Simón también estaba intoxicado. Más que eso, era adicto perdido. Eso podía explicar su estado famélico, la agresión contra Josephina, pero no las causas de su muerte. Simón había muerto por envenenamiento en la sangre, pero no lo había matado una sobredosis: había muerto de sida. Un virus fulminante.
Además de por la violencia, Sudáfrica estaba asolada por el VIH. El veinte por ciento de la población era portadora del virus, una de cada tres mujeres en los townships, y las perspectivas eran aterradoras: dos millones de niños perderían a sus madres en los próximos años, y la esperanza de vida, que ya había disminuido cinco años, iba a disminuir otros quince, hasta rondar los cuarenta años en 2020. Cuarenta años…
El gobierno le estaba echando un pulso jurídico a la industria farmacéutica, que no aceptaba distribuir medicamentos genéricos a las personas infectadas; por fin se había aprobado el acceso a los antivirales, con la ayuda de la comunidad internacional y de una campaña de prensa virulenta, pero el tema seguía candente. Para el gobierno sudafricano, una nación era como una familia unida, estable y nutritiva, que se desarrollaba plenamente en un cuerpo sano; una familia disciplinada: el presidente invalidaba las estadísticas de contagio, el índice de mortalidad y la violencia sexual que, según él, pertenecían a la esfera privada. Acusaba a la oposición política, a los activistas del sida, a las multinacionales y a los blancos, siempre dispuestos a estigmatizar las prácticas sexuales de los negros, recluidos al banquillo de los acusados: el «peligro negro», resurgimiento del apartheid. Por todo ello, el sida se consideraba una enfermedad banal vinculada a la pobreza, la malnutrición y la higiene, excluyendo explícitamente el sexo. Una enfermedad de consecuencias intolerables, sobre todo en materia de costumbres masculinas. Según ese punto de vista, y para contener la plaga, la política sanitaria del gobierno en un principio había preconizado el ajo y el zumo de limón después de las relaciones sexuales, así como ducharse o utilizar cremas lubricantes. El rechazo a los preservativos, considerados no viriles y un instrumento de los blancos, pese a las distribuciones gratuitas, completaba un panorama bastante desesperado de por sí.
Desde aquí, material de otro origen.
(* Let $n>2$, $V=\mathbb{F}_2^n$, and let $M$ be any maximal subgroup of the translation group $T$. Then $C_{\mathrm{Sym}(V)}(M)<\mathrm{AGL}(V)$, and $|C_{\mathrm{Sym}(V)}(M)|=2^{2n-1}$.
   Context: $T=\{\sigma_v: v\in V\}\le\mathrm{Sym}(V)$ is the group of translations $\sigma_v:x\mapsto x+v$. $\mathrm{AGL}(V)=T\rtimes\mathrm{GL}(V)$ is the affine group, the group of maps $x\mapsto xL+v$ with $L\in\mathrm{GL}(V)$, $v\in V$; it equals the normaliser of $T$ in $\mathrm{Sym}(V)$. *)

From HB Require Import structures.
From mathcomp Require Import all_boot all_order all_algebra all_fingroup all_solvable all_field.
Set Implicit Arguments. Unset Strict Implicit. Unset Printing Implicit Defensive.
Import GRing.Theory.
Local Open Scope ring_scope.

(* V = F_2^n, modelled as row vectors of length n over 'F_2. Sym(V) = {perm V}. *)
Notation Vsp n := 'rV['F_2]_n.

Lemma transl_inj n (v : Vsp n) : injective (fun x : Vsp n => x + v).
Proof. exact: addIr. Qed.

Definition transl n (v : Vsp n) : {perm Vsp n} := perm (@transl_inj n v).

Definition Transl n : {set {perm Vsp n}} := [set transl v | v : Vsp n].

Definition AGL n : {set {perm Vsp n}} :=
  [set g : {perm Vsp n} | [exists L : 'M['F_2]_n, [exists v : Vsp n,
      (L \in unitmx) && [forall x : Vsp n, g x == x *m L + v]]]].

(* The centraliser of a subgroup M < T of index 2 consists of the permutations
   commuting with all translations by vectors of the hyperplane W = {m | sigma_m \in M}.
   Such a g is determined by a = g 0 and by its value at one point outside W, and
   writing phi for the linear functional with kernel W these are exactly the maps
   x |-> x + phi(x) c + a with c in W: an affine map whose linear part is the
   transvection 1 + phi ⊗ c.  Hence |C(M)| = |V| |W| = 2^n 2^(n-1), C(M) <= AGL(V),
   and a transvection whose functional is not phi lies in AGL(V) but not in C(M). *)
From mathcomp Require Import all_boot all_order all_algebra all_fingroup all_solvable all_field.
From mathcomp Require Import zify.
Set Implicit Arguments. Unset Strict Implicit. Unset Printing Implicit Defensive.
Import GRing.Theory.
Local Open Scope ring_scope.

Section Transvection.
Variables (R : comUnitRingType) (n : nat) (phi : 'rV[R]_n -> R).
Hypothesis phiD : {morph phi : x y / x + y}.
Hypothesis phiZ : forall a x, phi (a *: x) = a * phi x.

Definition transvection_mx (c : 'rV[R]_n) : 'M[R]_n :=
  1%:M + \matrix_(i, j) (phi 'e_i * c 0 j).

Lemma mul_transvection_mx x c : x *m transvection_mx c = x + phi x *: c.
Proof.
have phi0 : phi 0 = 0 by apply: (@addrI _ (phi 0)); rewrite -phiD !addr0.
rewrite mulmxDr mulmx1; congr (_ + _); apply/matrixP=> i j; rewrite !mxE ord1.
rewrite {2}(row_sum_delta x) (big_morph phi phiD phi0) mulr_suml.
by apply: eq_bigr=> k _; rewrite mxE phiZ mulrA.
Qed.

Lemma transvection_mx_unit c : phi c = 0 -> transvection_mx c \in unitmx.
Proof.
move=> phic; suff: transvection_mx c *m transvection_mx (- c) = 1%:M.
  by case/mulmx1_unit.
apply/row_matrixP=> i; rewrite row_mul.
have -> : row i (transvection_mx c) = row i 1%:M *m transvection_mx c.
  by rewrite -row_mul mul1mx.
by rewrite !mul_transvection_mx phiD phiZ phic mulr0 addr0 scalerN addrK.
Qed.

End Transvection.

Lemma F2_cases (s : 'F_2) : s = 0 \/ s = 1.
Proof. by case: s => [[|[|k]] Hk] //; [left|right]; apply: val_inj. Qed.

Lemma addvv_F2 m k (x : 'M['F_2]_(m, k)) : x + x = 0.
Proof. by rewrite -mulr2n -scaler_nat pchar_Fp_0 ?scale0r. Qed.

Lemma addvKv_F2 m k (x y : 'M['F_2]_(m, k)) : x + (x + y) = y.
Proof. by rewrite addrA addvv_F2 add0r. Qed.

Lemma additive_F2_scalable n (phi : Vsp n -> 'F_2) :
  {morph phi : x y / x + y} -> forall a x, phi (a *: x) = a * phi x.
Proof.
move=> phiD a x; have phi0 : phi 0 = 0.
  by apply: (@addrI _ (phi 0)); rewrite -phiD !addr0.
by case: (F2_cases a) => ->; rewrite ?scale0r ?mul0r ?scale1r ?mul1r.
Qed.

Lemma nonzero_F2_coord n (w : Vsp n) : w != 0 -> exists i, w 0 i = 1.
Proof.
move=> nz_w; have [i w_i] : exists i, w 0 i != 0.
  apply/existsP; apply: contraR nz_w => /existsPn w0.
  by apply/eqP/rowP=> i; apply/eqP; rewrite mxE; apply/negPn.
by exists i; case: (F2_cases (w 0 i)) w_i => ->; rewrite ?eqxx.
Qed.

Lemma affine_perm_inj n (L : 'M['F_2]_n) (a : Vsp n) :
  L \in unitmx -> injective (fun x : Vsp n => x *m L + a).
Proof. by rewrite -row_free_unit => /row_free_inj fL x y /addIr /fL. Qed.

Definition affine_perm n (L : 'M['F_2]_n) (a : Vsp n) (uL : L \in unitmx) :=
  perm (@affine_perm_inj n L a uL).

Lemma affine_permE n (L : 'M['F_2]_n) a (uL : L \in unitmx) x :
  affine_perm a uL x = x *m L + a.
Proof. exact: permE. Qed.

Lemma affine_perm_AGL n (L : 'M['F_2]_n) a (uL : L \in unitmx) :
  affine_perm a uL \in AGL n.
Proof.
rewrite inE; apply/existsP; exists L; apply/existsP; exists a.
by rewrite uL; apply/forallP=> x; rewrite affine_permE.
Qed.

Lemma translE n (v x : Vsp n) : transl v x = x + v.
Proof. exact: permE. Qed.

Lemma translD n (x y : Vsp n) : transl (x + y) = (transl x * transl y)%g.
Proof. by apply/permP=> z; rewrite permM !translE addrA. Qed.

Lemma transl0 n : transl (0 : Vsp n) = 1%g.
Proof. by apply/permP=> z; rewrite translE perm1 addr0. Qed.

Lemma translV n (x : Vsp n) : ((transl x)^-1)%g = transl x.
Proof. by apply/eqP; rewrite eq_invg_mul -translD addvv_F2 transl0. Qed.

Lemma inj_transl n : injective (@transl n).
Proof. by move=> x y /(congr1 (fun p : {perm _} => p 0)); rewrite !translE !add0r. Qed.

Lemma Transl_group_set n : group_set (Transl n).
Proof.
apply/group_setP; split; first by apply/imsetP; exists 0; rewrite ?transl0.
by move=> _ _ /imsetP[x _ ->] /imsetP[y _ ->]; rewrite -translD imset_f.
Qed.

Canonical Transl_group n := Group (Transl_group_set n).

Lemma card_Vsp n : #|{: Vsp n}| = (2 ^ n)%N.
Proof. by rewrite card_mx card_Fp // mul1n. Qed.

Lemma card_Transl n : #|Transl n| = (2 ^ n)%N.
Proof. by rewrite card_imset ?card_Vsp //; apply: inj_transl. Qed.

Lemma Transl_pgroup n : (2.-group (Transl n))%g.
Proof. by rewrite /pgroup card_Transl pnatX pnat_id. Qed.

Section Centraliser.
Variables (n : nat) (M : {group {perm Vsp n}}).
Hypothesis sMT : M \subset Transl n.

Definition transl_preim : {set Vsp n} := [set x | transl x \in M].

Lemma card_transl_preim : #|transl_preim| = #|M|.
Proof.
rewrite -(card_imset _ (@inj_transl n)); apply: eq_card => t.
apply/imsetP/idP => [[x] | Mt]; first by rewrite inE => Mx ->.
by case/imsetP: (subsetP sMT t Mt) => x _ def_t; exists x; rewrite // inE -def_t.
Qed.

Lemma centM_translP (g : {perm Vsp n}) :
  reflect (forall m x, transl m \in M -> g (x + m) = g x + m) (g \in 'C(M))%g.
Proof.
apply: (iffP centP) => [cMg m x Mm | cMg t Mt].
  by have := congr1 (fun p : {perm _} => p x) (cMg _ Mm); rewrite !permM !translE => ->.
case/imsetP: (subsetP sMT t Mt) => m _ def_t; rewrite def_t in Mt *.
by apply/permP=> x; rewrite !permM !translE cMg.
Qed.

End Centraliser.

Section MaximalTranslations.
Variables (n : nat) (M : {group {perm Vsp n}}).
Hypothesis maxM : maximal M (Transl n).

Let sMT : M \subset Transl n := proper_sub (maxgroupp maxM).

Lemma card_maximal_transl : #|M| = (2 ^ n.-1)%N.
Proof.
have := Lagrange sMT; rewrite (p_maximal_index (Transl_pgroup n) maxM) card_Transl.
move: #|M| => m; case: n => [|k] /=.
  by rewrite expn0 => /eqP; rewrite muln_eq1 andbF.
by rewrite expnSr => /eqP; rewrite eqn_pmul2r // => /eqP.
Qed.

Lemma transl_addM x y : transl x \in M -> transl y \in M -> transl (x + y) \in M.
Proof. by move=> Mx My; rewrite translD groupM. Qed.

(* Outside an index-2 subgroup every element lies in its unique nontrivial coset. *)
Lemma transl_addM_out x y :
  transl x \notin M -> transl y \notin M -> transl (x + y) \in M.
Proof.
have iTM := p_maximal_index (Transl_pgroup n) maxM.
have cosetM z : transl z \notin M -> (M :* transl z)%g = Transl n :\: M.
  by move=> Mz; apply: rcoset_index2; rewrite // inE Mz imset_f.
move=> Mx My; have : transl x \in (M :* transl y)%g.
  by rewrite cosetM // inE Mx imset_f.
by rewrite mem_rcoset translV -translD.
Qed.

Lemma transl_addM_mix x y :
  transl x \in M -> transl y \notin M -> transl (x + y) \notin M.
Proof.
move=> Mx; apply: contra => Mxy.
by rewrite -[y](addvKv_F2 x) transl_addM.
Qed.

Definition phiM (x : Vsp n) : 'F_2 := (transl x \notin M)%:R.

Lemma phiM_eq0 x : (phiM x == 0) = (transl x \in M).
Proof. by rewrite /phiM; case: (transl x \in M); rewrite ?eqxx ?oner_eq0. Qed.

Lemma phiMD : {morph phiM : x y / x + y}.
Proof.
move=> x y; rewrite /phiM.
case Mx: (transl x \in M); case My: (transl y \in M) => /=.
- by rewrite transl_addM ?addr0.
- by rewrite transl_addM_mix ?Mx ?My ?add0r.
- by rewrite addrC transl_addM_mix ?Mx ?My ?addr0.
- by rewrite transl_addM_out ?Mx ?My //; apply: val_inj.
Qed.

Let phiMZ := additive_F2_scalable phiMD.
Let phiM_transvectionE := mul_transvection_mx phiMD phiMZ.
Let phiM_transvection_unit := transvection_mx_unit phiMD phiMZ.

Lemma exists_phiM1 : exists u, phiM u = 1.
Proof.
have [_ [t Tt Mt]] := properP (maxgroupp maxM).
by case/imsetP: Tt Mt => u _ -> Mu; exists u; rewrite /phiM Mu.
Qed.

Lemma centM_phiM_eq0 g u :
  (g \in 'C(M))%g -> phiM u = 1 -> phiM (g u + u + g 0) = 0.
Proof.
move=> /(centM_translP sMT) cMg u1; have: transl (g u + g 0) \notin M.
  apply/negP=> M_gu; have := cMg _ 0 M_gu.
  rewrite add0r addrC addrA addvv_F2 add0r => /perm_inj def_u.
  by move: M_gu; rewrite addrC def_u -phiM_eq0 u1 oner_eq0.
rewrite addrAC phiMD u1 /phiM => ->; exact: val_inj.
Qed.

Lemma centM_affineE g u : (g \in 'C(M))%g -> phiM u = 1 ->
  forall x, g x = x *m transvection_mx phiM (g u + u + g 0) + g 0.
Proof.
move/(centM_translP sMT)=> cMg u1 x; rewrite phiM_transvectionE.
case Mx: (transl x \in M).
  by rewrite /phiM Mx scale0r addr0 -{1}[x]add0r cMg // addrC.
have Mux : transl (u + x) \in M.
  by rewrite transl_addM_out ?Mx //; rewrite -phiM_eq0 u1 oner_eq0.
rewrite /phiM Mx scale1r -[x in g x](addvKv_F2 u) cMg //.
by rewrite -(addrA x) -(addrA (g u + u)) addvv_F2 addr0 addrC addrA.
Qed.

Lemma affine_transvection_centM a c (c0 : phiM c = 0) :
  (affine_perm a (phiM_transvection_unit c0) \in 'C(M))%g.
Proof.
apply/(centM_translP sMT)=> m x Mm; rewrite !affine_permE !phiM_transvectionE.
have m0 : phiM m = 0 by apply/eqP; rewrite phiM_eq0.
by rewrite phiMD m0 addr0 (addrAC x) [LHS]addrAC.
Qed.

Lemma centM_sub_AGL : ('C(M) \subset AGL n)%g.
Proof.
have [u u1] := exists_phiM1.
apply/subsetP=> g cMg; have c0 := centM_phiM_eq0 cMg u1.
suff -> : g = affine_perm (g 0) (phiM_transvection_unit c0).
  exact: affine_perm_AGL.
by apply/permP=> x; rewrite affine_permE -centM_affineE.
Qed.

Lemma card_centM : #|('C(M))%g| = (2 ^ n * 2 ^ n.-1)%N.
Proof.
have [u u1] := exists_phiM1.
pose F (g : {perm Vsp n}) := (g 0, g u + u + g 0).
have injF : {in 'C(M)%g &, injective F}.
  move=> g1 g2 cMg1 cMg2 [e0 ec]; apply/permP=> x.
  by rewrite (centM_affineE cMg1 u1) (centM_affineE cMg2 u1) ec e0.
have -> : #|('C(M))%g| = #|setX [set: Vsp n] (transl_preim M)|.
  rewrite -(card_in_imset injF); apply: eq_card => -[a c].
  rewrite !inE -phiM_eq0 /=; apply/imsetP/eqP => [[g cMg [_ ->]] | c0].
    exact: centM_phiM_eq0.
  exists (affine_perm a (phiM_transvection_unit c0)).
    exact: affine_transvection_centM.
  rewrite /F !affine_permE mul0mx add0r phiM_transvectionE u1 scale1r.
  by rewrite (addrAC _ a u) -(addrA _ a a) addvv_F2 addr0 (addrAC u) addvv_F2 add0r.
by rewrite cardsX cardsT card_Vsp (card_transl_preim sMT) card_maximal_transl.
Qed.

Lemma exists_nonzero_transl_preim :
  (1 < n)%N -> exists2 w : Vsp n, transl w \in M & w != 0.
Proof.
move=> n_gt1; have : ~~ (transl_preim M \subset [set 0]).
  apply: contraTN isT => /subset_leq_card.
  rewrite cards1 (card_transl_preim sMT) card_maximal_transl leqNgt.
  by rewrite -[X in (X < _)%N](expn0 2) ltn_exp2l // -subn1 subn_gt0 n_gt1.
by case/subsetPn=> w; rewrite !inE => Mw nz_w; exists w.
Qed.

Lemma proper_centM_AGL : (1 < n)%N -> ('C(M) \proper AGL n)%g.
Proof.
move=> n_gt1; rewrite properE centM_sub_AGL /=.
have [w Mw nz_w] := exists_nonzero_transl_preim n_gt1.
have [i w_i] := nonzero_F2_coord nz_w.
have [j ne_ji] : exists j : 'I_n, j != i.
  have [def_i | ne_i] := eqVneq i (Ordinal (ltnW n_gt1)).
    by exists (Ordinal n_gt1); rewrite def_i.
  by exists (Ordinal (ltnW n_gt1)); rewrite eq_sym.
pose phi (x : Vsp n) := x 0 i.
have phiD : {morph phi : x y / x + y} by move=> x y; rewrite /phi mxE.
have phiZ a x : phi (a *: x) = a * phi x by rewrite /phi mxE.
have phi_ej : phi 'e_j = 0 by rewrite /phi mxE eqxx eq_sym (negbTE ne_ji).
apply/subsetPn; exists (affine_perm 0 (transvection_mx_unit phiD phiZ phi_ej)).
  exact: affine_perm_AGL.
apply/negP=> /(centM_translP sMT)/(_ w 0 Mw).
rewrite !affine_permE !mul_transvection_mx // !add0r addr0 /phi w_i scale1r.
move/(congr1 (fun v : Vsp n => v 0 j)); rewrite !mxE !eqxx /=.
by rewrite mul0r !add0r -{2}[w 0 j]addr0 => /addrI/eqP; rewrite oner_eq0.
Qed.

End MaximalTranslations.

Theorem mainTheorem5 (n : nat) (hn : (2 < n)%N) (M : {group {perm 'rV['F_2]_n}})
  (hM : maximal M (Transl n)) :
  ('C(M) \proper AGL n)%g /\ #|'C(M)%g| = (2 ^ (2 * n - 1))%N.
Proof.
split; first exact: proper_centM_AGL (ltnW hn).
rewrite card_centM // -expnD; congr (2 ^ _)%N; lia.
Qed.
Jacques Raymond, el médico belga de la organización Médicos sin Fronteras, que trabajaba en el dispensario de Khayelitsha, sabía de lo que hablaba: vacunas, pruebas, consulta a domicilio, foro de información, Raymond llevaba tres años recorriéndose el township de una punta a otra, y había perdido la cuenta de los muertos. Neuman pidió la ficha de Simón Mceli, y el médico no puso pegas: violencia, enfermedad, drogas…, la vida de los niños de la calle no tenía ningún valor en el mercado, ni siquiera valía un juramento de Hipócrates.
Raymond tenía un bigote pelirrojo impresionante, finas manos que la nicotina había vuelto amarillentas y un marcado acento francés. Abrió el archivador metálico de su despacho y sacó la ficha correspondiente.
– Sí -dijo, tras echarle una hojeada-, sí que atendí a este niño, hace veinte meses… Aprovechamos para hacerle un chequeo, pero Simón no era portador del virus: la prueba dio negativo.
– Según la autopsia -prosiguió Neuman-, el virus del que se contagió mutó a una velocidad poco frecuente.
– Puede ocurrir, sobre todo en personas de constitución débil.
– Simón estaba bien cuando lo examinó, ¿no?
– Veinte meses es mucho tiempo cuando se vive en la calle -contestó el belga-. Jeringuillas infectadas, prostitución, violaciones: los niños de la calle empiezan a drogarse cada vez más jóvenes, y con los miles y miles de tipos que piensan que van a curarse del sida desflorando a vírgenes, a menudo suelen ser las primeras víctimas.
Neuman conocía las estadísticas de asesinatos de niños, una cifra que ascendía a velocidad vertiginosa.
– Esas creencias las fomentan las sangomas del township -insinuó.
– Bah -dijo el médico, no muy convencido-: no todos son tan atrasados… También está la medicina tradicional… El problema es que cualquiera puede declararse curandero: después, es solo cuestión de persuasión, de credulidad y de ignorancia. Aquí, a los enfermos de sida se los considera unos parias; la mayoría está dispuesta a creer lo que sea para curarse. Los microbicidas no han estado a la altura de lo que prometían -añadió con amargura-: nuestras campañas para la utilización del preservativo son como predicar en el desierto…
Pero Neuman pensaba en otra cosa:
– ¿Cuánto dura el período de incubación, quince días?
– ¿Del sida? Sí, más o menos. ¿Por qué?